For the first time, no opening of new chapters was recommended for Montenegro in the Commission’s latest annual report, believed to be more negative than in previous years.

Should Montenegro fail to gain a seat in the EU in 2025, this could discourage other countries in the Western Balkans from continuing the lengthy path towards integration and push them into the arms of Russia and China.

While some of the economic concerns of integration have been effectively quelled – Montenegro, for instance, has a lower public debt than that of two thirds of European members – the EU emerged from one of the most pivotal elections in its history with a clear indication of growing discontent on the EU accession list.
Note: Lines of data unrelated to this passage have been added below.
(* Let $G=\mathrm{srg}(n,k,\lambda,\mu)$ be a strongly regular graph with $\mu\ge1$. Then $\mathrm{QEC}(G)\le0$ if and only if $k-2\lambda+\mu\le4$. Moreover, $\mathrm{QEC}(G)=0$ if and only if $k-2\lambda+\mu=4$.
   Context: A graph $G=(V,E)$ is finite and simple. It is strongly regular with parameters $\mathrm{srg}(n,k,\lambda,\mu)$ if $|V|=n$, every vertex has exactly $k$ neighbours, every two adjacent vertices have exactly $\lambda$ common neighbours, and every two distinct non-adjacent vertices have exactly $\mu$ common neighbours. The hypothesis $\mu\ge1$ means in particular that there exist distinct non-adjacent vertices (so $G$ is not complete) and that $G$ is connected. For a connected graph $G=(V,E)$ with $|V|\ge2$, let $D=[d(x,y)]_{x,y\in V}$ be its distance matrix ($d$ the graph distance), and define the quadratic embedding constant \[ \mathrm{QEC}(G)=\max\{\langle f,Df\rangle : f\in\mathbb{R}^V,\ \langle f,f\rangle=1,\ \langle \mathbf{1},f\rangle=0\}, \] where $\mathbf 1$ is the all-ones vector and $\langle\cdot,\cdot\rangle$ the standard inner product. *)

From HB Require Import structures.
From mathcomp Require Import all_boot all_order all_algebra.
From mathcomp Require Import all_classical all_reals.
Set Implicit Arguments. Unset Strict Implicit. Unset Printing Implicit Defensive.
Import Order.TTheory GRing.Theory Num.Theory.
Local Open Scope classical_set_scope.
Local Open Scope ring_scope.

(* A simple graph: vertex type T : finType, adjacency adj : rel T
   (assumed symmetric and irreflexive in the theorem). *)

Fixpoint reach (T : finType) (adj : rel T) (m : nat) (x y : T) : bool :=
  if m is m'.+1 then reach adj m' x y || [exists z, adj x z && reach adj m' z y]
  else x == y.

(* Graph distance: least m with a walk of length <= m from x to y
   (equal to #|T| when y is not reachable from x; irrelevant for connected graphs,
   where the distance is always < #|T|). *)
Definition gdist (T : finType) (adj : rel T) (x y : T) : nat :=
  find (fun m => reach adj m x y) (iota 0 #|T|).

Definition srg (T : finType) (adj : rel T) (n k lam mu : nat) : Prop :=
  [/\ #|T| = n,
      forall x, #|[set y | adj x y]| = k,
      forall x y, adj x y -> #|[set z | adj x z && adj y z]| = lam &
      forall x y, x != y -> ~~ adj x y -> #|[set z | adj x z && adj y z]| = mu].

Definition distQF (R : realType) (T : finType) (adj : rel T) (f : T -> R) : R :=
  \sum_(x : T) \sum_(y : T) f x * (gdist adj x y)%:R * f y.

(* QEC(G) = max { <f,Df> : <f,f> = 1, <1,f> = 0 }; the max is attained
   (compact constraint set), so it equals the supremum. *)
Definition QEC (R : realType) (T : finType) (adj : rel T) : R :=
  sup [set distQF adj f | f in [set f : T -> R |
         \sum_(x : T) f x * f x = 1 /\ \sum_(x : T) f x = 0]].

From HB Require Import structures.
From mathcomp Require Import all_boot all_order all_algebra.
From mathcomp Require Import all_classical all_reals.
From mathcomp Require Import ring lra.
Set Implicit Arguments. Unset Strict Implicit. Unset Printing Implicit Defensive.
Import Order.TTheory GRing.Theory Num.Theory.
Local Open Scope ring_scope.

(* Since mu >= 1, the graph has diameter 2, so D = 2 (J - I) - A and
   <f, D f> = -2 - <f, A f> for unit vectors f orthogonal to 1.  On that
   hyperplane the srg identity reads A^2 = (lam - mu) A + (k - mu) I, so every
   eigenvalue of A there is a root of x^2 - (lam - mu) x - (k - mu), whose roots
   are s <= 0 <= r.  Hence <f, A f> >= s, with equality at the eigenvector
   (A - r)(e_x - e_z) for any edge xz, and QEC(G) = -2 - s.  Finally
   k - 2 lam + mu = 4 - (2 + r)(2 + s) with 2 + r > 0, so QEC(G) <= 0 iff
   k - 2 lam + mu <= 4, with equality in one iff equality in the other. *)

Lemma card_classic_set (T : finType) (P : pred T) :
  #|[set x | P x]%classic| = #|[set x | P x]|.
Proof. apply: eq_card => x; rewrite inE; apply/idP/idP; by rewrite in_setE. Qed.

Lemma sum_eq_mul (R : pzSemiRingType) (T : finType) (x : T) (g : T -> R) :
  \sum_y (x == y)%:R * g y = g x.
Proof.
rewrite (bigD1 x) //= eqxx mul1r big1 ?addr0 // => y yx.
by rewrite eq_sym (negbTE yx) mul0r.
Qed.

Lemma sqr_dot_le_norm (R : realFieldType) (T : finType) (f g : T -> R) :
  \sum_x f x * f x = 1 -> (\sum_x f x * g x) ^+ 2 <= \sum_x g x * g x.
Proof.
move=> f_unit.
have quad_ge0 b :
    0 <= b ^+ 2 * \sum_x f x * f x - 2 * b * \sum_x f x * g x + \sum_x g x * g x.
  have -> : b ^+ 2 * \sum_x f x * f x - 2 * b * \sum_x f x * g x + \sum_x g x * g x
            = \sum_x (b * f x - g x) ^+ 2.
    rewrite !mulr_sumr -sumrB -big_split /=; apply: eq_bigr => x _; ring.
  by apply: sumr_ge0 => x _; apply: sqr_ge0.
have := quad_ge0 (\sum_x f x * g x); rewrite f_unit; lra.
Qed.

Lemma normalizable (R : rcfType) (T : finType) (g : T -> R) (x : T) :
  g x != 0 -> exists c : R, \sum_y (c * g y) * (c * g y) = 1.
Proof.
move=> gx_neq0; set q := \sum_y g y * g y.
have q_gt0 : 0 < q.
  have : g x * g x <= q.
    by rewrite /q (bigD1 x) //= lerDl; apply: sumr_ge0 => y _; rewrite -expr2 sqr_ge0.
  by apply: lt_le_trans; rewrite -expr2 exprn_even_gt0.
exists (Num.sqrt q)^-1.
transitivity ((Num.sqrt q)^-1 ^+ 2 * q).
  by rewrite /q mulr_sumr; apply: eq_bigr => y _; ring.
by rewrite exprVn sqr_sqrtr ?mulVf ?gt_eqF // ltW.
Qed.

Lemma real_root_pair (R : rcfType) (d e : R) : 0 <= e ->
  exists r s : R, [/\ r + s = d, r * s = - e, 0 <= r & s <= r].
Proof.
move=> e_ge0; have disc_ge0 : 0 <= d ^+ 2 + 4 * e by rewrite addr_ge0 ?sqr_ge0 ?mulr_ge0.
have q2 := sqr_sqrtr disc_ge0; have q_ge0 := sqrtr_ge0 (d ^+ 2 + 4 * e).
set q := Num.sqrt _ in q2 q_ge0.
exists ((d + q) / 2), ((d - q) / 2); split.
- by field.
- transitivity ((d ^+ 2 - q ^+ 2) / 4); first by field.
  by rewrite q2; field.
- by apply: divr_ge0 => //; nra.
- by rewrite ler_pM2r //; lra.
Qed.

Lemma sup_max (R : realType) (E : set R) (m : R) : E m -> ubound E m -> sup E = m.
Proof.
move=> Em ubm; apply/le_anti/andP; split; first by apply: ge_sup => //; exists m.
by apply: sup_upper_bound => //; split; exists m.
Qed.

Section StronglyRegular.
Variables (R : realType) (T : finType) (adj : rel T).
Hypotheses (adj_sym : symmetric adj) (adj_irr : irreflexive adj).

Definition adjop (f : T -> R) (x : T) : R := \sum_y (adj x y)%:R * f y.

Lemma adjopZ (c : R) f x : adjop (fun w => c * f w) x = c * adjop f x.
Proof. by rewrite /adjop mulr_sumr; apply: eq_bigr => y _; ring. Qed.

Lemma adjopB (c : R) f x :
  adjop (fun w => adjop f w - c * f w) x = adjop (adjop f) x - c * adjop f x.
Proof. by rewrite /adjop mulr_sumr -sumrB; apply: eq_bigr => y _; ring. Qed.

Lemma adjop_sym (f g : T -> R) : \sum_x adjop f x * g x = \sum_x f x * adjop g x.
Proof.
rewrite /adjop; under eq_bigr do rewrite mulr_suml.
under [RHS]eq_bigr do rewrite mulr_sumr.
rewrite exchange_big /=; apply: eq_bigr => x _; apply: eq_bigr => y _.
by rewrite adj_sym; ring.
Qed.

Variables (k lam mu : nat).
Hypothesis deg : forall x, #|[set y | adj x y]| = k.
Hypothesis edge_common : forall x y, adj x y -> #|[set z | adj x z && adj y z]| = lam.
Hypothesis nonedge_common :
  forall x y, x != y -> ~~ adj x y -> #|[set z | adj x z && adj y z]| = mu.
Hypothesis mu_gt0 : (0 < mu)%N.
Hypothesis not_complete : exists x y, x != y /\ ~~ adj x y.

Lemma sum_adjop f : \sum_x adjop f x = k%:R * \sum_x f x.
Proof.
rewrite /adjop exchange_big mulr_sumr /=; apply: eq_bigr => y _.
rewrite -mulr_suml -(deg y) -sum1dep_card natr_sum [in RHS]big_mkcond /=.
by congr (_ * _); apply: eq_bigr => x _; rewrite adj_sym; case: adj.
Qed.

Lemma card_common_neighbours x y :
  #|[set z | adj x z && adj y z]|%:R =
    (x == y)%:R * (k%:R - mu%:R) + (adj x y)%:R * (lam%:R - mu%:R) + mu%:R :> R.
Proof.
have [<-|xy] := eqVneq x y.
  rewrite adj_irr (eq_card (B := [set z | adj x z])) ?deg /=; first by ring.
  by move=> z; rewrite !inE andbb.
case xy_adj: (adj x y).
  by rewrite edge_common //=; ring.
by rewrite nonedge_common ?xy_adj //=; ring.
Qed.

Lemma adjop2 f x :
  adjop (adjop f) x = (k%:R - mu%:R) * f x + (lam%:R - mu%:R) * adjop f x
                      + mu%:R * \sum_y f y.
Proof.
have -> : adjop (adjop f) x = \sum_y #|[set z | adj x z && adj y z]|%:R * f y.
  rewrite /adjop; under eq_bigr do rewrite mulr_sumr.
  rewrite exchange_big /=; apply: eq_bigr => y _.
  rewrite -sum1dep_card natr_sum [X in X * _]big_mkcond /= mulr_suml; apply: eq_bigr => z _.
  by rewrite (adj_sym y z) mulrA -natrM mulnb; case: (_ && _).
under eq_bigr do rewrite card_common_neighbours.
rewrite -(sum_eq_mul x f) /adjop !mulr_sumr -!big_split /=.
by apply: eq_bigr => y _; ring.
Qed.

Lemma common_neighbour x y : x != y -> ~~ adj x y -> exists z, adj x z && adj z y.
Proof.
move=> xy xy_nadj; have := mu_gt0; rewrite -(nonedge_common xy xy_nadj) card_gt0.
by case/set0Pn => z; rewrite inE => /andP[xz yz]; exists z; rewrite xz adj_sym.
Qed.

Lemma exists_edge : exists x z, adj x z.
Proof.
have [x [y [xy xy_nadj]]] := not_complete.
by have [z /andP[xz _]] := common_neighbour xy xy_nadj; exists x, z.
Qed.

Lemma three_le_card : (2 < #|T|)%N.
Proof.
have [x [y [xy xy_nadj]]] := not_complete.
have [z /andP[xz zy]] := common_neighbour xy xy_nadj.
have z_neq_x : z != x by apply: contraTneq xz => ->; rewrite adj_irr.
have z_neq_y : z != y by apply: contraTneq zy => ->; rewrite adj_irr.
have : uniq [:: x; y; z] by rewrite /= !inE negb_or xy eq_sym z_neq_x eq_sym z_neq_y.
by move/card_uniqP => /= card3; rewrite -card3; apply: max_card.
Qed.

Lemma mu_le_k : (mu <= k)%N.
Proof.
have [x [y [xy xy_nadj]]] := not_complete.
rewrite -(nonedge_common xy xy_nadj) -(deg x); apply: subset_leq_card.
by apply/fintype.subsetP => z; rewrite !inE => /andP[].
Qed.

Lemma gdist_diam2 x y :
  gdist adj x y = if x == y then 0%N else if adj x y then 1%N else 2%N.
Proof.
rewrite /gdist; move: three_le_card; case: #|T| => [|[|[|m]]] // _.
have reach1 u v : reach adj 1 u v = (u == v) || adj u v.
  congr orb; apply/existsP/idP => [[w /andP[uw /eqP <-]] //|uv].
  by exists v; rewrite uv eqxx.
rewrite [iota _ _]/= /= -/(reach adj 1 x y) reach1.
have [//|xy] := eqVneq x y; case xy_adj: (adj x y) => //.
have [z /andP[xz zy]] := common_neighbour xy (negbT xy_adj).
suff -> : [exists w, adj x w && reach adj 1 w y] by [].
by apply/existsP; exists z; rewrite xz reach1 zy orbT.
Qed.

Lemma distQF_diam2 (f : T -> R) :
  distQF adj f = 2 * (\sum_x f x) ^+ 2 - 2 * \sum_x f x * f x
                 - \sum_x f x * adjop f x.
Proof.
have dist_real x y : (gdist adj x y)%:R = 2 - 2 * (x == y)%:R - (adj x y)%:R :> R.
  rewrite gdist_diam2; have [->|xy] := eqVneq x y; first by rewrite adj_irr /=; ring.
  by case: adj => /=; ring.
have row_sum x : \sum_y f x * (gdist adj x y)%:R * f y =
    2 * f x * \sum_y f y - 2 * (f x * f x) - f x * adjop f x.
  under eq_bigr do rewrite dist_real.
  transitivity (2 * f x * \sum_y f y - 2 * f x * \sum_y (x == y)%:R * f y
                - f x * \sum_y (adj x y)%:R * f y).
    by rewrite !mulr_sumr -!sumrB; apply: eq_bigr => y _; ring.
  by rewrite sum_eq_mul /adjop; ring.
rewrite /distQF; under eq_bigr do rewrite row_sum.
by rewrite !sumrB -!mulr_sumr -mulr_suml -mulr_sumr; ring.
Qed.

Variables r s : R.
Hypotheses (rs_sum : r + s = lam%:R - mu%:R) (rs_prod : r * s = mu%:R - k%:R).
Hypotheses (r_ge0 : 0 <= r) (s_le_r : s <= r).

Lemma adjop_sub_eigen f : \sum_x f x = 0 ->
  forall x, adjop (fun w => adjop f w - r * f w) x = s * (adjop f x - r * f x).
Proof.
move=> f_perp x; rewrite adjopB adjop2 f_perp.
have -> : k%:R - mu%:R = - (r * s) :> R by rewrite rs_prod opprB.
by rewrite -rs_sum; ring.
Qed.

(* By Cauchy-Schwarz, b := <f, A f> satisfies
   b^2 <= <Af, Af> = (k - mu) + (lam - mu) b = (r + s) b - r s, i.e. (b - r)(b - s) <= 0. *)
Lemma adjop_rayleigh_ge f :
  \sum_x f x * f x = 1 -> \sum_x f x = 0 -> s <= \sum_x f x * adjop f x.
Proof.
move=> f_unit f_perp.
have normAf : \sum_x adjop f x * adjop f x
    = (k%:R - mu%:R) * \sum_x f x * f x + (lam%:R - mu%:R) * \sum_x f x * adjop f x.
  rewrite adjop_sym; under eq_bigr do rewrite adjop2 f_perp mulr0 addr0.
  by rewrite !mulr_sumr -big_split /=; apply: eq_bigr => x _; ring.
have := sqr_dot_le_norm (adjop f) f_unit.
rewrite normAf f_unit -rs_sum -opprB -rs_prod; move: (\sum_x _ * _) => b.
rewrite mulr1 => b_between; have : (r - b) * (s - b) <= 0 by nra.
apply: contraTT; rewrite -!ltNge => b_lt_s.
by apply: mulr_gt0; rewrite subr_gt0 // (lt_le_trans b_lt_s).
Qed.

Lemma exists_unit_eigenvector :
  exists h, [/\ \sum_x h x * h x = 1, \sum_x h x = 0 & forall x, adjop h x = s * h x].
Proof.
have [x [z xz]] := exists_edge.
pose f w : R := (x == w)%:R - (z == w)%:R.
have f_perp : \sum_w f w = 0.
  have sum_indicator (u : T) : \sum_w (u == w)%:R = 1 :> R.
    by under eq_bigr do rewrite -[_%:R]mulr1; exact: sum_eq_mul.
  by rewrite sumrB !sum_indicator subrr.
pose g w := adjop f w - r * f w.
have gx : g x = - 1 - r.
  rewrite /g /f /adjop eqxx; have zx : (z == x) = false.
    by apply/negbTE; apply: contraTneq xz => ->; rewrite adj_irr.
  under eq_bigr do rewrite mulrBr ![(adj x _)%:R * _]mulrC.
  by rewrite sumrB !sum_eq_mul adj_irr xz zx /=; ring.
have [c unit_cg] : exists c : R, \sum_w (c * g w) * (c * g w) = 1.
  by apply: (normalizable (x := x)); rewrite gx; apply: ltr0_neq0; have := r_ge0; lra.
exists (fun w => c * g w); split => //.
  by rewrite -mulr_sumr /g sumrB sum_adjop -mulr_sumr f_perp; ring.
by move=> w; rewrite adjopZ /g adjop_sub_eigen //; ring.
Qed.

Lemma QEC_srg : QEC R adj = - (2 + s).
Proof.
have [h [h_unit h_perp h_eigen]] := exists_unit_eigenvector.
have value_unit f : \sum_x f x * f x = 1 -> \sum_x f x = 0 ->
    distQF adj f = - 2 - \sum_x f x * adjop f x.
  by move=> f_unit f_perp; rewrite distQF_diam2 f_unit f_perp; ring.
apply: sup_max.
  exists h => //; rewrite value_unit //.
  have -> : \sum_x h x * adjop h x = s.
    by rewrite -[s]mulr1 -h_unit mulr_sumr; apply: eq_bigr => x _; rewrite h_eigen; ring.
  ring.
move=> _ [f [f_unit f_perp] <-]; rewrite value_unit //.
by have := adjop_rayleigh_ge f_unit f_perp; lra.
Qed.

End StronglyRegular.

Theorem theorem1p2 (R : realType) (T : finType) (adj : rel T) (n k lam mu : nat) :
  symmetric adj -> irreflexive adj ->
  srg adj n k lam mu -> (1 <= mu)%N ->
  (exists x y : T, x != y /\ ~~ adj x y) ->
  (QEC R adj <= 0 <-> (k%:R - 2 * lam%:R + mu%:R <= 4 :> R)) /\
  (QEC R adj = 0 <-> (k%:R - 2 * lam%:R + mu%:R = 4 :> R)).
Proof.
move=> adj_sym adj_irr [_ deg0 edge0 nonedge0] mu_gt0 not_complete.
have deg x : #|[set y | adj x y]| = k by rewrite -card_classic_set.
have edge x y : adj x y -> #|[set z | adj x z && adj y z]| = lam.
  by move=> xy; rewrite -(edge0 x y xy) card_classic_set.
have nonedge x y : x != y -> ~~ adj x y -> #|[set z | adj x z && adj y z]| = mu.
  by move=> xy xy_nadj; rewrite -(nonedge0 x y xy xy_nadj) card_classic_set.
have e_ge0 : 0 <= k%:R - mu%:R :> R.
  by rewrite subr_ge0 ler_nat (mu_le_k deg nonedge not_complete).
have [r [s [rs_sum rs_prod r_ge0 s_le_r]]] := real_root_pair (lam%:R - mu%:R) e_ge0.
rewrite opprB in rs_prod.
rewrite (QEC_srg adj_sym adj_irr deg edge nonedge mu_gt0 not_complete
           rs_sum rs_prod r_ge0 s_le_r).
have -> : k%:R - 2 * lam%:R + mu%:R = 4 - (2 + r) * (2 + s) :> R.
  have -> : (2 + r) * (2 + s) = 4 + 2 * (r + s) + r * s by ring.
  by rewrite rs_sum rs_prod; ring.
split; split => h; nra.
Qed.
Brussels cannot ignore the fact that challenges such as migration, concerns over radicalisation, organised crime and the arms trade have an important impact on Euro-Atlantic security.

The EU has made it clear that it does not intend to import the conflicts that have long crippled the region, chiefly that between Serbia and Kosovo.

Speaking at the Globsec conference, Serbian President Aleksandar Vucic said the dispute with Kossovo remained one of the main obstacles to integration but that ultimately “we are going to be part of the EU”.

Public opinion inside the European Union also appears divided. A recent Eurobarometer poll shows 43 per cent of the EU public support “further enlargement of the EU to include other countries in future years”, while 45 per cent are against.

Moreover, many EU leaders want to reform the EU first, before moving on to enlargement. Among them is French President Emmanuel Macron, who said that he was not in favour of widening the union before deep reforms were carried out.

Brussels faces the dilemma of accommodating different positions in its enlargement plans at a time in which the UK’s departure is raising new questions on the resilience of the decades-long union.